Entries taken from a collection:
━━━━━━━━━━━━━━━━━━━━

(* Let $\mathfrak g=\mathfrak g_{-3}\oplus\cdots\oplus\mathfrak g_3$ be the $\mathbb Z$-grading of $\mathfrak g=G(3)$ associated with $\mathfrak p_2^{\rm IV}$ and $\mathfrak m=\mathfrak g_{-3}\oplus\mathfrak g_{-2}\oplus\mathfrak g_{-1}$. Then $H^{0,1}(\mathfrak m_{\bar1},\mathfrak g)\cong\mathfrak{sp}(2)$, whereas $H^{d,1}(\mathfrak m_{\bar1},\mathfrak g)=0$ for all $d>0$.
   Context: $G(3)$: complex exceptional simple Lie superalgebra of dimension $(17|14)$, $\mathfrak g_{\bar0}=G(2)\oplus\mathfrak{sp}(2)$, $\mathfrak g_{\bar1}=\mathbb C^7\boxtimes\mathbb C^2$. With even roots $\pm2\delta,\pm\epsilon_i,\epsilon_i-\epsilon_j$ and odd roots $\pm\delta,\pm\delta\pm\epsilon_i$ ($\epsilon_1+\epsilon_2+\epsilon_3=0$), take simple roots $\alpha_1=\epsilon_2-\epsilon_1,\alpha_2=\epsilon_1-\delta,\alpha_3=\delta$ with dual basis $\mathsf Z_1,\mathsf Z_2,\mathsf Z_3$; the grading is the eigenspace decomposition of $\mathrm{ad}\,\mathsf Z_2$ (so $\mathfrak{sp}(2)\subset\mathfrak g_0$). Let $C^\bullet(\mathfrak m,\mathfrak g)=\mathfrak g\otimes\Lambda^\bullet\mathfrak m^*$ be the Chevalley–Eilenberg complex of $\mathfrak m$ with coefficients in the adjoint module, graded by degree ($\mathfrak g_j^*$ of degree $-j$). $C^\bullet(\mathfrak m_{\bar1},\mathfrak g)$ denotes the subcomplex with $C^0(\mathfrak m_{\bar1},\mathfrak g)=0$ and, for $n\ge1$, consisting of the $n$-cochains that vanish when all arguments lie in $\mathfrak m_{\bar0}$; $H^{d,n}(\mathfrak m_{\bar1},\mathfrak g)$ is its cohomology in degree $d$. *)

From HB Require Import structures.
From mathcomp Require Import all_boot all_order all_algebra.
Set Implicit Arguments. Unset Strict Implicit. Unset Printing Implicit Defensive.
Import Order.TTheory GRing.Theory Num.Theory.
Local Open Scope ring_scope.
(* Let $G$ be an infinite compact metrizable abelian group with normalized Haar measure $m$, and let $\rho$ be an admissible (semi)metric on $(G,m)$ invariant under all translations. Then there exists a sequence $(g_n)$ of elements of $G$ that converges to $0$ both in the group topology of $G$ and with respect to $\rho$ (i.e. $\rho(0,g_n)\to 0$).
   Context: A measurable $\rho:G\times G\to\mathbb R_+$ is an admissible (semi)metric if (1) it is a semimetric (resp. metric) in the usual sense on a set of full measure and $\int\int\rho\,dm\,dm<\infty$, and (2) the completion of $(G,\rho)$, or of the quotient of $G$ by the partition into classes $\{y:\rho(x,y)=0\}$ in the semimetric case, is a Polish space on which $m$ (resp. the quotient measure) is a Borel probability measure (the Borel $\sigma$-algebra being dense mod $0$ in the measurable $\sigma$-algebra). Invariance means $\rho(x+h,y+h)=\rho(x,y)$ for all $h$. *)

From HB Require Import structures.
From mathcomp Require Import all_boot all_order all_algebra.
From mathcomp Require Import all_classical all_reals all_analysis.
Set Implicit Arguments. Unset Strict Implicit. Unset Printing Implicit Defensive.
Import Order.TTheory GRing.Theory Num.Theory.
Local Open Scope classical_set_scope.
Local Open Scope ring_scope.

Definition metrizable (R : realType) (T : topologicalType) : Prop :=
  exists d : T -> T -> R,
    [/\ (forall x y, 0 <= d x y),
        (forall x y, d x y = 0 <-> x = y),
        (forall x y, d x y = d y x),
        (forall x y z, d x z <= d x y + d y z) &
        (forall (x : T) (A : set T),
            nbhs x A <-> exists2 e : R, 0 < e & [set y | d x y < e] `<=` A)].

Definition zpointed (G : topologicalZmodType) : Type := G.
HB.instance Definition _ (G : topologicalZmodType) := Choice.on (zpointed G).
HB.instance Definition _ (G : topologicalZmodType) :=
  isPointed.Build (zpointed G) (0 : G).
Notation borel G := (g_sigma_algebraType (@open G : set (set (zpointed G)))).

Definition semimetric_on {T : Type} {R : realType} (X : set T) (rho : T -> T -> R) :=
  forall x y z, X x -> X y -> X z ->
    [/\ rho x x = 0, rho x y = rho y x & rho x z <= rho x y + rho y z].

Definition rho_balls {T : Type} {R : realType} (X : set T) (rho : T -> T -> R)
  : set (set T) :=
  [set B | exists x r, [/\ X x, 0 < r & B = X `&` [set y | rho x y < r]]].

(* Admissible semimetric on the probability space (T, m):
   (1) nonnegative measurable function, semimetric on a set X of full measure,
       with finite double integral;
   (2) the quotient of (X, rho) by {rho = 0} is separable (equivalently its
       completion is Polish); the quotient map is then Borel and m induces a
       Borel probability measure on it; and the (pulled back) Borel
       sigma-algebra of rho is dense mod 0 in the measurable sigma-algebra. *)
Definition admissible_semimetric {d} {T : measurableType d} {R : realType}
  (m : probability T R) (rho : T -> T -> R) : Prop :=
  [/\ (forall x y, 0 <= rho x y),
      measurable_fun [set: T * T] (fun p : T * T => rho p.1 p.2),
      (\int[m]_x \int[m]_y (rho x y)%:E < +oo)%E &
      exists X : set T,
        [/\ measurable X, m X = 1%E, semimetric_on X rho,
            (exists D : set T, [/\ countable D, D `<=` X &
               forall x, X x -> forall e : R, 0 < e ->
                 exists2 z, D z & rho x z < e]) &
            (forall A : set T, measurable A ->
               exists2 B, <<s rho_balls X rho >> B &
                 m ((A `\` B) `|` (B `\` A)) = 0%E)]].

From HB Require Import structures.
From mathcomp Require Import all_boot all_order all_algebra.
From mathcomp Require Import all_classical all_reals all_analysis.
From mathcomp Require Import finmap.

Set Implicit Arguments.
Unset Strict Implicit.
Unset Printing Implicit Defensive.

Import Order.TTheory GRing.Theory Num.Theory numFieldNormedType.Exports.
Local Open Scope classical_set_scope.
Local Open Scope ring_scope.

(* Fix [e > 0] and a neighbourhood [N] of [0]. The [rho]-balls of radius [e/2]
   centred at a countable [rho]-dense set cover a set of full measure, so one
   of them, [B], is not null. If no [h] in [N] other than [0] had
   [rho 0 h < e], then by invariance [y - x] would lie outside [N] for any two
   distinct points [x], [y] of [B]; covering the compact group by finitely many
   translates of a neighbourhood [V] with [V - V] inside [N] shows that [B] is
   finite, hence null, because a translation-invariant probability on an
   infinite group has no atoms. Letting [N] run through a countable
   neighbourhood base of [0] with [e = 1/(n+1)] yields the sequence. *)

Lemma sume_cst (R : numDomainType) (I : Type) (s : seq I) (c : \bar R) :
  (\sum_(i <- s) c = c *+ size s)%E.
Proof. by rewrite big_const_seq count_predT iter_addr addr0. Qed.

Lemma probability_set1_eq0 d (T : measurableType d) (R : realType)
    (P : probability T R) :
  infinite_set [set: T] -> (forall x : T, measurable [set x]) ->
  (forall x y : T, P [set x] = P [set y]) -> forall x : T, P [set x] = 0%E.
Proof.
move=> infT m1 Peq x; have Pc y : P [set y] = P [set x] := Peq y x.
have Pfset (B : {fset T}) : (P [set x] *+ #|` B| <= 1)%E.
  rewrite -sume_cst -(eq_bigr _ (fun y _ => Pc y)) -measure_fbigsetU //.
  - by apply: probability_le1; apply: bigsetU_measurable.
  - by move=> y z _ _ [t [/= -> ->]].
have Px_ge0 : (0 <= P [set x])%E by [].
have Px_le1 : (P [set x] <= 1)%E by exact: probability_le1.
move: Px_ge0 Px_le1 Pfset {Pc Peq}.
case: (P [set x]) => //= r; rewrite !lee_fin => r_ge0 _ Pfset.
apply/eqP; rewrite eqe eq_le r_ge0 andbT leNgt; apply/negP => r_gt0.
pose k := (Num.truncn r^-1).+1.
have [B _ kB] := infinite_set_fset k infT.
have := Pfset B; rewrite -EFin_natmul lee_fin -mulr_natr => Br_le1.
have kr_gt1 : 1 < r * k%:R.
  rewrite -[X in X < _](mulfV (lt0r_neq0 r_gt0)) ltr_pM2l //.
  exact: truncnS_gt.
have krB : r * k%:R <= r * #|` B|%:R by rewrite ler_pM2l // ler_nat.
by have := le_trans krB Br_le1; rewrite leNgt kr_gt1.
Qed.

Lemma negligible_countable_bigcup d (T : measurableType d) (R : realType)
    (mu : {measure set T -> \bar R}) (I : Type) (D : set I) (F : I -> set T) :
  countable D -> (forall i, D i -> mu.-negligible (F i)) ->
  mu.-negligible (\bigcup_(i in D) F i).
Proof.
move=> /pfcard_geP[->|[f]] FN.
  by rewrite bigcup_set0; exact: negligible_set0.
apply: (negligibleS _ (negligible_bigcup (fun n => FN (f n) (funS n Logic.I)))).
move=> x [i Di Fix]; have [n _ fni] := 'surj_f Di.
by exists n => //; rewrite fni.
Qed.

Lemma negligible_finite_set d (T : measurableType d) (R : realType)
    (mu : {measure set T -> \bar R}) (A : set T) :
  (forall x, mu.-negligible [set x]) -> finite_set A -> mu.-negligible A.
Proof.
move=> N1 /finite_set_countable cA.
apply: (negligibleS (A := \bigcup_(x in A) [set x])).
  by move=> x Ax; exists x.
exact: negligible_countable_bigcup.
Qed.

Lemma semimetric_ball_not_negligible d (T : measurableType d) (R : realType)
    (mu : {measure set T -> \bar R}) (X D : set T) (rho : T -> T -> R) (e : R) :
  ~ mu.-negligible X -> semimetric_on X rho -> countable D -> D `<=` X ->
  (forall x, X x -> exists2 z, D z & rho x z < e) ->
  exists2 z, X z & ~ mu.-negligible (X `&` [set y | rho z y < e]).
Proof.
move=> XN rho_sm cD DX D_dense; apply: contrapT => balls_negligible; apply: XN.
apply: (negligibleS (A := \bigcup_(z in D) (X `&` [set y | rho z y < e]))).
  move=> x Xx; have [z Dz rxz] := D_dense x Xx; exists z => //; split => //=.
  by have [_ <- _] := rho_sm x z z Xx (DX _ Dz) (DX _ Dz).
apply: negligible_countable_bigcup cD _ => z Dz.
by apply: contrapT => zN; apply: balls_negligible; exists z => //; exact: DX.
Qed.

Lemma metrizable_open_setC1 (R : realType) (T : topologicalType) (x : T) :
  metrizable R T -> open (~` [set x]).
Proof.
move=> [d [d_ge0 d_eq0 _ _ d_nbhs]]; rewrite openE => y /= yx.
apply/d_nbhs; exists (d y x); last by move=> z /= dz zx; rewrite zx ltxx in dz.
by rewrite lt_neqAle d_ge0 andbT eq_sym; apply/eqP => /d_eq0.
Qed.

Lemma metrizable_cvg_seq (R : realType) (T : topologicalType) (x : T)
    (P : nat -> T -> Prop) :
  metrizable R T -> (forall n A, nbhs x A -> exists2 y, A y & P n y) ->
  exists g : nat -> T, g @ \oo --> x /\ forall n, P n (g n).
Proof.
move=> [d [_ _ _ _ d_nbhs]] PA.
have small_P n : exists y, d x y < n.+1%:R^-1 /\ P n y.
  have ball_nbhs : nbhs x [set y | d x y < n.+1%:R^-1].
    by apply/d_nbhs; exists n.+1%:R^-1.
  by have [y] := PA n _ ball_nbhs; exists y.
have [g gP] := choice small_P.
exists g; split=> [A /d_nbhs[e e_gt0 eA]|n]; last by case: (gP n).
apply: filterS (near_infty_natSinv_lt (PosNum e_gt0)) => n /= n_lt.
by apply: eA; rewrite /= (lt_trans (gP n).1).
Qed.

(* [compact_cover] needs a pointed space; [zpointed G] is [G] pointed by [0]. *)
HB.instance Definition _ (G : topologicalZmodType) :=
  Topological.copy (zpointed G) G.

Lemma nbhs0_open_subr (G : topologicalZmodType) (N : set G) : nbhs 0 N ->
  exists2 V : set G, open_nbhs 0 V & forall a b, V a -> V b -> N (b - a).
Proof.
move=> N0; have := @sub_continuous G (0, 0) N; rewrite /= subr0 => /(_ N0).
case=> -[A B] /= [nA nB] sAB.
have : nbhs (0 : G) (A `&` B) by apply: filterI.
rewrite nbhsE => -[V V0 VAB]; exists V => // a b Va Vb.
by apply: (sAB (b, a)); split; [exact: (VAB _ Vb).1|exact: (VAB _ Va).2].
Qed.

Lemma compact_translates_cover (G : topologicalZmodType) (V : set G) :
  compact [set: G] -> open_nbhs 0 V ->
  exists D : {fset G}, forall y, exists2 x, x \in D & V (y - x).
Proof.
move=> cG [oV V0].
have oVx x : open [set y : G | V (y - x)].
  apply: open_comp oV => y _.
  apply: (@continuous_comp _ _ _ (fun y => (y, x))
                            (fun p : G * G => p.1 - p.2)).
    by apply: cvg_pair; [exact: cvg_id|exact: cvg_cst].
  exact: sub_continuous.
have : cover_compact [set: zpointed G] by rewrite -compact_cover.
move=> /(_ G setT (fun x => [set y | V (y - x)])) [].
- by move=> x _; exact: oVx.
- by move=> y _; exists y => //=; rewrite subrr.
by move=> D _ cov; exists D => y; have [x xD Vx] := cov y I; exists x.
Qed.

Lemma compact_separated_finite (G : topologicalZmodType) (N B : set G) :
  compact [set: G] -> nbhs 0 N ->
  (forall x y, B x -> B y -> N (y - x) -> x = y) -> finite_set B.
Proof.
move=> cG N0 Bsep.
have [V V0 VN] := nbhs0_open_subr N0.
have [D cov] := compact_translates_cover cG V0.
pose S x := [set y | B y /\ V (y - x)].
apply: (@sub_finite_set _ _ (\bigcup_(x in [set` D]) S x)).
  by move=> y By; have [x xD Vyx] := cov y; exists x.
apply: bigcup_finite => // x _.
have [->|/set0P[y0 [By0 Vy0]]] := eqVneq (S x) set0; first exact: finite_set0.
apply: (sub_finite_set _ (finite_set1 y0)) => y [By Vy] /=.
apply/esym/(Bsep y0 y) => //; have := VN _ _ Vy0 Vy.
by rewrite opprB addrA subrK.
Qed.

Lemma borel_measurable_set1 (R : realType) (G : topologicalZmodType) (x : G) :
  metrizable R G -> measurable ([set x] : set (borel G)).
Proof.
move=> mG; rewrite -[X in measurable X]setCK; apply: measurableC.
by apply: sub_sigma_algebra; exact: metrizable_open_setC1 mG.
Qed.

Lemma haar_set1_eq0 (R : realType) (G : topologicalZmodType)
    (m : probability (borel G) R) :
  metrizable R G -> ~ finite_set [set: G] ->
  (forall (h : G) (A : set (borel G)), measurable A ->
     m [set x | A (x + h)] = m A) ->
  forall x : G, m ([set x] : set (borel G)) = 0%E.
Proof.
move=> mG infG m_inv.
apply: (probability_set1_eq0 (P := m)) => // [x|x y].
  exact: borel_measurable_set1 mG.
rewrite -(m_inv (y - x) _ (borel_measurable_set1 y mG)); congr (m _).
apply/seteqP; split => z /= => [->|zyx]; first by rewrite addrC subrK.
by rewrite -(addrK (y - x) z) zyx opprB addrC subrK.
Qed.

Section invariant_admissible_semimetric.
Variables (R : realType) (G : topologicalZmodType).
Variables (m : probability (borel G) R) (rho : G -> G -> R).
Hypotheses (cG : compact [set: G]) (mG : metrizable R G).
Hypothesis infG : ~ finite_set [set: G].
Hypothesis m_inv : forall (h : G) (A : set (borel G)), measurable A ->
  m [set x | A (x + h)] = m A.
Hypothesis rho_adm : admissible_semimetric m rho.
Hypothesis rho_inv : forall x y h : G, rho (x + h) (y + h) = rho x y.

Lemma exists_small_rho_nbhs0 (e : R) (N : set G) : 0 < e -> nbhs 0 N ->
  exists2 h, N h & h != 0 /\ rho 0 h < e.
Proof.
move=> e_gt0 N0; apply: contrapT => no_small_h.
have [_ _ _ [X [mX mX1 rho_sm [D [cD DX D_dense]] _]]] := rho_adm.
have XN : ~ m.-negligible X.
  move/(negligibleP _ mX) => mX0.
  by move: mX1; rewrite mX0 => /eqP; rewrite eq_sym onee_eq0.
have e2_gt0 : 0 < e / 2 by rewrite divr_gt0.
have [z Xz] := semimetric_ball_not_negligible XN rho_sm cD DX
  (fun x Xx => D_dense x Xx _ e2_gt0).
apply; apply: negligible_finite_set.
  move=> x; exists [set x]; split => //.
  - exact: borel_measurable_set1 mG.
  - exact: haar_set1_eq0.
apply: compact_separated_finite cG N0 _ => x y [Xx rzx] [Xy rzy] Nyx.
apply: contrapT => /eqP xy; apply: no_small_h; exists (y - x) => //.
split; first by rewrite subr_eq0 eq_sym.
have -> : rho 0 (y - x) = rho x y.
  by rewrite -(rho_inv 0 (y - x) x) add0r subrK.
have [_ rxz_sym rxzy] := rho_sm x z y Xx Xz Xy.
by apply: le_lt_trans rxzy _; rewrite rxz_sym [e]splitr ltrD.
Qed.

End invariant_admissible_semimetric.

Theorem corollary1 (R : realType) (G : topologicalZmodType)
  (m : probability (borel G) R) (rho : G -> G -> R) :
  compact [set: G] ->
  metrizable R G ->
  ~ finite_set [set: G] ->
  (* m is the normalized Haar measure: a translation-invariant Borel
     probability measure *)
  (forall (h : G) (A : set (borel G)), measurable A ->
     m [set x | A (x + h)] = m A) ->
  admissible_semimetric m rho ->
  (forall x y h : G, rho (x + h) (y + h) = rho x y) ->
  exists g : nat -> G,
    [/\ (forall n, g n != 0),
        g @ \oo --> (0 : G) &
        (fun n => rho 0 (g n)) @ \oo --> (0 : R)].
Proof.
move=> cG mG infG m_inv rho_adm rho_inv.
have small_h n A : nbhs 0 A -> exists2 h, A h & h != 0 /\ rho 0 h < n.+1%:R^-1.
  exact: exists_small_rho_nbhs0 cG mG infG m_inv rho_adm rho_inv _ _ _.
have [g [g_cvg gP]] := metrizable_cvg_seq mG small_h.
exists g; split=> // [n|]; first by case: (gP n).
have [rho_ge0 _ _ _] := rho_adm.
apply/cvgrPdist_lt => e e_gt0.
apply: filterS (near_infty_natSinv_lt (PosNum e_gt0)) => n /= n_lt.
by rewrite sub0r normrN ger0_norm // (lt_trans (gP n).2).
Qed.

━━━━━━━━━━━━━━━━━━━━

Output the lines of the records above exactly as they appear, from the line containing "have Px_ge0 : (0 <= P [set x])%E by []." through the line containing "exact: truncnS_gt.".

▶ Result for this exercise:
have Px_ge0 : (0 <= P [set x])%E by [].
have Px_le1 : (P [set x] <= 1)%E by exact: probability_le1.
move: Px_ge0 Px_le1 Pfset {Pc Peq}.
case: (P [set x]) => //= r; rewrite !lee_fin => r_ge0 _ Pfset.
apply/eqP; rewrite eqe eq_le r_ge0 andbT leNgt; apply/negP => r_gt0.
pose k := (Num.truncn r^-1).+1.
have [B _ kB] := infinite_set_fset k infT.
have := Pfset B; rewrite -EFin_natmul lee_fin -mulr_natr => Br_le1.
have kr_gt1 : 1 < r * k%:R.
  rewrite -[X in X < _](mulfV (lt0r_neq0 r_gt0)) ltr_pM2l //.
  exact: truncnS_gt.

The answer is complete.